### [Action item]
Write out exactly the lines of the entries below from the one holding "cancel (sval (invH fB)) (sval f)." to the one holding "Lemma fm_ext (M", inclusive, and leave out all other lines.

**** Input data

Definition invH (M N : grObj A) (f : grHom M N) (fB : bijective (sval f)) : grHom N M :=
  let: exist g (conj fK gK) := constructive_indefinite_description _ (bijective_cancels fB)
  in exist _ g (inv_grhom fK gK).

Lemma invHK (M N : grObj A) (f : grHom M N) (fB : bijective (sval f)) :
  cancel (sval f) (sval (invH fB)).
Proof.
by rewrite /invH; case: constructive_indefinite_description => g [].
Qed.

Lemma invHKV (M N : grObj A) (f : grHom M N) (fB : bijective (sval f)) :
  cancel (sval (invH fB)) (sval f).
Proof.
by rewrite /invH; case: constructive_indefinite_description => g [].
Qed.

(* For q of degree t the values f s q have the pairwise distinct degrees t s. *)
Lemma grmap_sum_eq0 (P N : grObj A) (S : seq Gam) (f : Gam -> P -> N) :
  uniq S -> (forall s, is_grmap s (f s)) -> (forall q, \sum_(s <- S) f s q = 0) ->
  forall s, s \in S -> forall q, f s q = 0.
Proof.
move=> uS fgr sum0 s0 s0S q.
have [lq [hq ->]] := homog_decomposition (go_grading P) q.
have [f0D _ _] := fgr s0.
rewrite (additive_sum f0D); apply: big1_seq => p /andP [_ pl].
pose l := [seq ((p.1 * s)%g, f s p.2) | s <- S].
have hl : homog_seq (@go_deg _ _ N) l.
  by move=> p' /mapP [s _ ->] /=; case: (fgr s) => _ _; apply; apply: hq.
have suml0 : \sum_(p' <- l) p'.2 = 0 by rewrite big_map sum0.
have := deg_part_eq0 (go_grading N) hl suml0 (p.1 * s0)%g.
rewrite /deg_part big_map (eq_bigl (pred1 s0)) => [|s]; last exact: (inj_eq (mulgI p.1)).
by rewrite sum_pred1_uniq.
Qed.

Lemma GrObj_eq (V : zmodType) act p1 p2 p3 (d1 d2 : Gam -> V -> Prop) g1 g2 ad1 ad2 u tf :
  d1 = d2 ->
  @GrObj _ A V act p1 p2 p3 d1 g1 ad1 u tf = @GrObj _ A V act p1 p2 p3 d2 g2 ad2 u tf.
Proof. by move=> E; subst d2; f_equal; apply: proof_irrelevance. Qed.

Lemma suspM (M : grObj A) s s' : susp s' (susp s M) = susp (s' * s)%g M.
Proof.
apply: GrObj_eq.
by do 2 (apply: functional_extensionality => ?); rewrite mulgA.
Qed.

Lemma suspKV (M : grObj A) r d : susp r^-1 (susp (r * d) M) = susp d M.
Proof. by rewrite suspM mulKg. Qed.

End GradedHoms.

Section FunctorFacts.
Variables (Gam : groupType) (A B : grRing Gam) (F : grFunctor A B).

Lemma fm_ext (M N : grObj A) (f g : grHom M N) :
  (forall x, sval f x = sval g x) -> forall y, sval (fm F f) y = sval (fm F g) y.
Proof.
move=> fg y; rewrite (@fm_comp _ _ _ F M N N g (idH N) f) //.
exact: fm_id.
Qed.

Lemma fm_zeroH (M N : grObj A) y : sval (fm F (zeroH M N)) y = 0.
Proof.
have := @fm_add _ _ _ F M N (zeroH M N) (zeroH M N) (zeroH M N) (fun _ => esym (addr0 0)) y.
by move/(congr1 (fun z => z - sval (fm F (zeroH M N)) y)); rewrite subrr addrK.
Qed.

Lemma fm_transport (X Y : grObj A) (e : X = Y) (Z : grObj A)
    (f1 : grHom Z X) (f2 : grHom Z Y) :
  (forall z, sval f2 z = castO e (sval f1 z)) ->
  forall y, sval (fm F f2) y = castO (f_equal (fo F) e) (sval (fm F f1) y).
Proof. by move: f2; case: Y / e => f2 H y /=; apply: fm_ext => z; rewrite H. Qed.

End FunctorFacts.

Section Faithful.
Variables (Gam : groupType) (A B : grRing Gam) (F : grFunctor A B) (G : grFunctor B A).
Variable e : forall M : grObj A, grHom (fo G (fo F M)) M.
Hypothesis e_bij : forall M, bijective (sval (e M)).
Hypothesis e_nat : forall M M' (f : grHom M M') y,
  sval (e M') (sval (fm G (fm F f)) y) = sval f (sval (e M) y).

Lemma fm_inj (M M' : grObj A) (u v : grHom M M') :
  (forall y, sval (fm F u) y = sval (fm F v) y) -> forall x, sval u x = sval v x.
Proof.
move=> Fuv x; case: (e_bij M) => e' eK Ke.
by rewrite -(Ke x) -!e_nat; congr (sval _ _); apply: fm_ext.
Qed.

End Faithful.

Section Representation.
Variables (Gam : groupType) (A B : grRing Gam).
Variables (HIA : gr_idempotent A) (HTA : gr_torsionfree A).
Variables (F : grFunctor A B) (G : grFunctor B A).
Variable eGF : forall M : grObj A, grHom (fo G (fo F M)) M.
Hypothesis eGF_bij : forall M, bijective (sval (eGF M)).
Hypothesis eGF_nat : forall M M' (f : grHom M M') y,
  sval (eGF M') (sval (fm G (fm F f)) y) = sval f (sval (eGF M) y).
Variable eFG : forall N : grObj B, grHom (fo F (fo G N)) N.
Hypothesis eFG_bij : forall N, bijective (sval (eFG N)).
Hypothesis eFG_nat : forall N N' (g : grHom N N') y,
  sval (eFG N') (sval (fm F (fm G g)) y) = sval g (sval (eFG N) y).

Local Notation Areg := (regObj HIA HTA).
Local Notation Q := (Qobj F HIA HTA).
Local Notation qa Ha q := (@ract _ _ _ F HIA HTA _ _ Ha q).

Lemma F_full (X Y : grObj A) (h : grHom (fo F X) (fo F Y)) :
  exists psi : grHom X Y, forall y, sval (fm F psi) y = sval h y.
Proof.
exists (compH (compH (invH (eGF_bij X)) (fm G h)) (eGF Y)).
apply: (fm_inj eFG_bij eFG_nat) => z.
by apply: (bij_inj (eGF_bij Y)); rewrite eGF_nat /= invHK.
Qed.

Definition lmulHom (M : grObj A) s (x : M) (Hx : go_deg s x) : grHom Areg (susp s M).
Proof.
exists (fun a => go_act a x); split=> [a b|a b|t a Ha].
- exact: go_actDl.
- exact: go_actA.
- exact: go_act_deg.
Defined.

(* Junk value 0 when x is not homogeneous of degree s. *)
Definition theta_h (N : grObj B) s (x : fo G N) (q : Q) : N :=
  match excluded_middle_informative (go_deg s x) with
  | left Hx => sval (eFG N) (castO (fo_susp F s (fo G N)) (sval (fm F (lmulHom Hx)) q))
  | right _ => 0
  end.
Arguments theta_h : clear implicits.

Section FixedTarget.
Variable N : grObj B.
Local Notation M := (fo G N).
Local Notation th := (theta_h N).

Lemma theta_hE s (x : M) (Hx : go_deg s x) q :
  th s x q = sval (eFG N) (castO (fo_susp F s M) (sval (fm F (lmulHom Hx)) q)).
Proof.
rewrite /theta_h; case: excluded_middle_informative => [H|//].
by rewrite (proof_irrelevance _ H Hx).
Qed.

Lemma theta_h_grmap s x : go_deg s x -> is_grmap s (th s x).
Proof.
move=> Hx; split=> [q1 q2|b q|t q Hq]; rewrite !(theta_hE Hx).
- by rewrite grhomD castOD grhomD.
- by rewrite grhomA castO_act grhomA.
- exact (grhom_deg (eFG N) (castO_deg (fo_susp F s M) (grhom_deg (fm F (lmulHom Hx)) Hq))).
Qed.

Lemma theta_hD s (x y : M) q :
  go_deg s x -> go_deg s y -> th s (x + y) q = th s x q + th s y q.
Proof.
move=> Hx Hy; have Hxy := gradingD (go_grading M) Hx Hy.
rewrite !theta_hE (@fm_add _ _ _ F _ _ (lmulHom Hx) (lmulHom Hy) (lmulHom Hxy)).
  by rewrite castOD grhomD.
by move=> a /=; rewrite go_actDr.
Qed.

Lemma theta_h0 s q : th s 0 q = 0.
Proof.
rewrite (theta_hE (grading0 (go_grading M) s)).
rewrite (@fm_ext _ _ _ F _ _ _ (zeroH _ _)) => [|a]; last exact: go_act0.
by rewrite fm_zeroH (additive0 (castOD _)) grhom0.
Qed.

Lemma theta_hN s (x : M) q : go_deg s x -> th s (- x) q = - th s x q.
Proof.
move=> Hx; apply: (@addrI _ (th s x q)).
by rewrite -theta_hD ?subrr ?theta_h0 //; apply: gradingN (go_grading M) _ _ Hx.
Qed.

Lemma theta_h_sum s I (r : seq I) (P : pred I) (X : I -> M) q :
  (forall i, P i -> go_deg s (X i)) ->
  th s (\sum_(i <- r | P i) X i) q = \sum_(i <- r | P i) th s (X i) q.
Proof.
move=> H; elim: r => [|i r IH]; rewrite ?big_nil ?big_cons ?theta_h0 //.
case: (boolP (P i)) => Pi //; rewrite theta_hD ?IH //; first exact: H.
by apply: (grading_sum (go_grading M)) => j; apply: H.
Qed.

Lemma theta_h_deg_parts (l : seq (Gam * M)) q : homog_seq (@go_deg _ _ M) l ->
  \sum_(p <- l) th p.1 p.2 q =
  \sum_(s <- undup (map fst l)) th s (deg_part l s) q.
Proof.
move=> hl; rewrite (sum_partition_undup fst); apply: eq_bigr => s _.
rewrite /deg_part big_seq_cond [in RHS]big_seq_cond theta_h_sum.
  by apply: eq_bigr => p /andP [_ /eqP ->].
by move=> p /andP [pl /eqP <-]; apply: hl.
Qed.

Lemma theta_h_sum_eq0 (l : seq (Gam * M)) q : homog_seq (@go_deg _ _ M) l ->
  \sum_(p <- l) p.2 = 0 -> \sum_(p <- l) th p.1 p.2 q = 0.
Proof.
move=> hl sum0; rewrite theta_h_deg_parts //; apply: big1 => s _.
by rewrite (deg_part_eq0 (go_grading M) hl sum0) theta_h0.
Qed.

Lemma theta_h_sum_eq (l1 l2 : seq (Gam * M)) q :
  homog_seq (@go_deg _ _ M) l1 -> homog_seq (@go_deg _ _ M) l2 ->
  \sum_(p <- l1) p.2 = \sum_(p <- l2) p.2 ->
  \sum_(p <- l1) th p.1 p.2 q = \sum_(p <- l2) th p.1 p.2 q.
Proof.
move=> h1 h2 e.
pose l := l1 ++ [seq (p.1, - p.2) | p <- l2].
have hl : homog_seq (@go_deg _ _ M) l.
  move=> p; rewrite mem_cat => /orP [/h1 //|/mapP [p' /h2 H ->] /=].
  exact: gradingN (go_grading M) _ _ H.
have := theta_h_sum_eq0 q hl.
rewrite !big_cat !big_map /= sumrN e subrr => /(_ erefl) /eqP.
rewrite [X in _ + X]big_seq [X in _ + X](eq_bigr (fun p => - th p.1 p.2 q)).
  by rewrite -big_seq sumrN subr_eq0 => /eqP.
by move=> p pl; rewrite theta_hN //; apply: h2.
Qed.

Definition homog_dec (x : M) : seq (Gam * M) :=
  sval (constructive_indefinite_description _ (homog_decomposition (go_grading M) x)).

Lemma homog_decP x :
  homog_seq (@go_deg _ _ M) (homog_dec x) /\ x = \sum_(p <- homog_dec x) p.2.
Proof.
by rewrite /homog_dec; case: constructive_indefinite_description.
Qed.

Definition theta (x : M) (q : Q) : N := \sum_(p <- homog_dec x) th p.1 p.2 q.

Lemma thetaE (l : seq (Gam * M)) x q :
  homog_seq (@go_deg _ _ M) l -> x = \sum_(p <- l) p.2 -> theta x q = \sum_(p <- l) th p.1 p.2 q.
Proof.
move=> hl ex; case: (homog_decP x) => hd ed.
by apply: theta_h_sum_eq => //; rewrite -ed -ex.
Qed.

Lemma theta_homog s x q : go_deg s x -> theta x q = th s x q.
Proof.
move=> Hx; rewrite (@thetaE [:: (s, x)]) ?big_seq1 //.
by move=> p; rewrite inE => /eqP ->.
Qed.

Lemma theta_grmap s x : go_deg s x -> is_grmap s (theta x).
Proof.
move=> Hx; rewrite (functional_extensionality _ _ (fun q => theta_homog q Hx)).
exact: theta_h_grmap.
Qed.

********

### [Final answer]
  cancel (sval (invH fB)) (sval f).
Proof.
by rewrite /invH; case: constructive_indefinite_description => g [].
Qed.

(* For q of degree t the values f s q have the pairwise distinct degrees t s. *)
Lemma grmap_sum_eq0 (P N : grObj A) (S : seq Gam) (f : Gam -> P -> N) :
  uniq S -> (forall s, is_grmap s (f s)) -> (forall q, \sum_(s <- S) f s q = 0) ->
  forall s, s \in S -> forall q, f s q = 0.
Proof.
move=> uS fgr sum0 s0 s0S q.
have [lq [hq ->]] := homog_decomposition (go_grading P) q.
have [f0D _ _] := fgr s0.
rewrite (additive_sum f0D); apply: big1_seq => p /andP [_ pl].
pose l := [seq ((p.1 * s)%g, f s p.2) | s <- S].
have hl : homog_seq (@go_deg _ _ N) l.
  by move=> p' /mapP [s _ ->] /=; case: (fgr s) => _ _; apply; apply: hq.
have suml0 : \sum_(p' <- l) p'.2 = 0 by rewrite big_map sum0.
have := deg_part_eq0 (go_grading N) hl suml0 (p.1 * s0)%g.
rewrite /deg_part big_map (eq_bigl (pred1 s0)) => [|s]; last exact: (inj_eq (mulgI p.1)).
by rewrite sum_pred1_uniq.
Qed.

Lemma GrObj_eq (V : zmodType) act p1 p2 p3 (d1 d2 : Gam -> V -> Prop) g1 g2 ad1 ad2 u tf :
  d1 = d2 ->
  @GrObj _ A V act p1 p2 p3 d1 g1 ad1 u tf = @GrObj _ A V act p1 p2 p3 d2 g2 ad2 u tf.
Proof. by move=> E; subst d2; f_equal; apply: proof_irrelevance. Qed.

Lemma suspM (M : grObj A) s s' : susp s' (susp s M) = susp (s' * s)%g M.
Proof.
apply: GrObj_eq.
by do 2 (apply: functional_extensionality => ?); rewrite mulgA.
Qed.

Lemma suspKV (M : grObj A) r d : susp r^-1 (susp (r * d) M) = susp d M.
Proof. by rewrite suspM mulKg. Qed.

End GradedHoms.

Section FunctorFacts.
Variables (Gam : groupType) (A B : grRing Gam) (F : grFunctor A B).

Lemma fm_ext (M N : grObj A) (f g : grHom M N) :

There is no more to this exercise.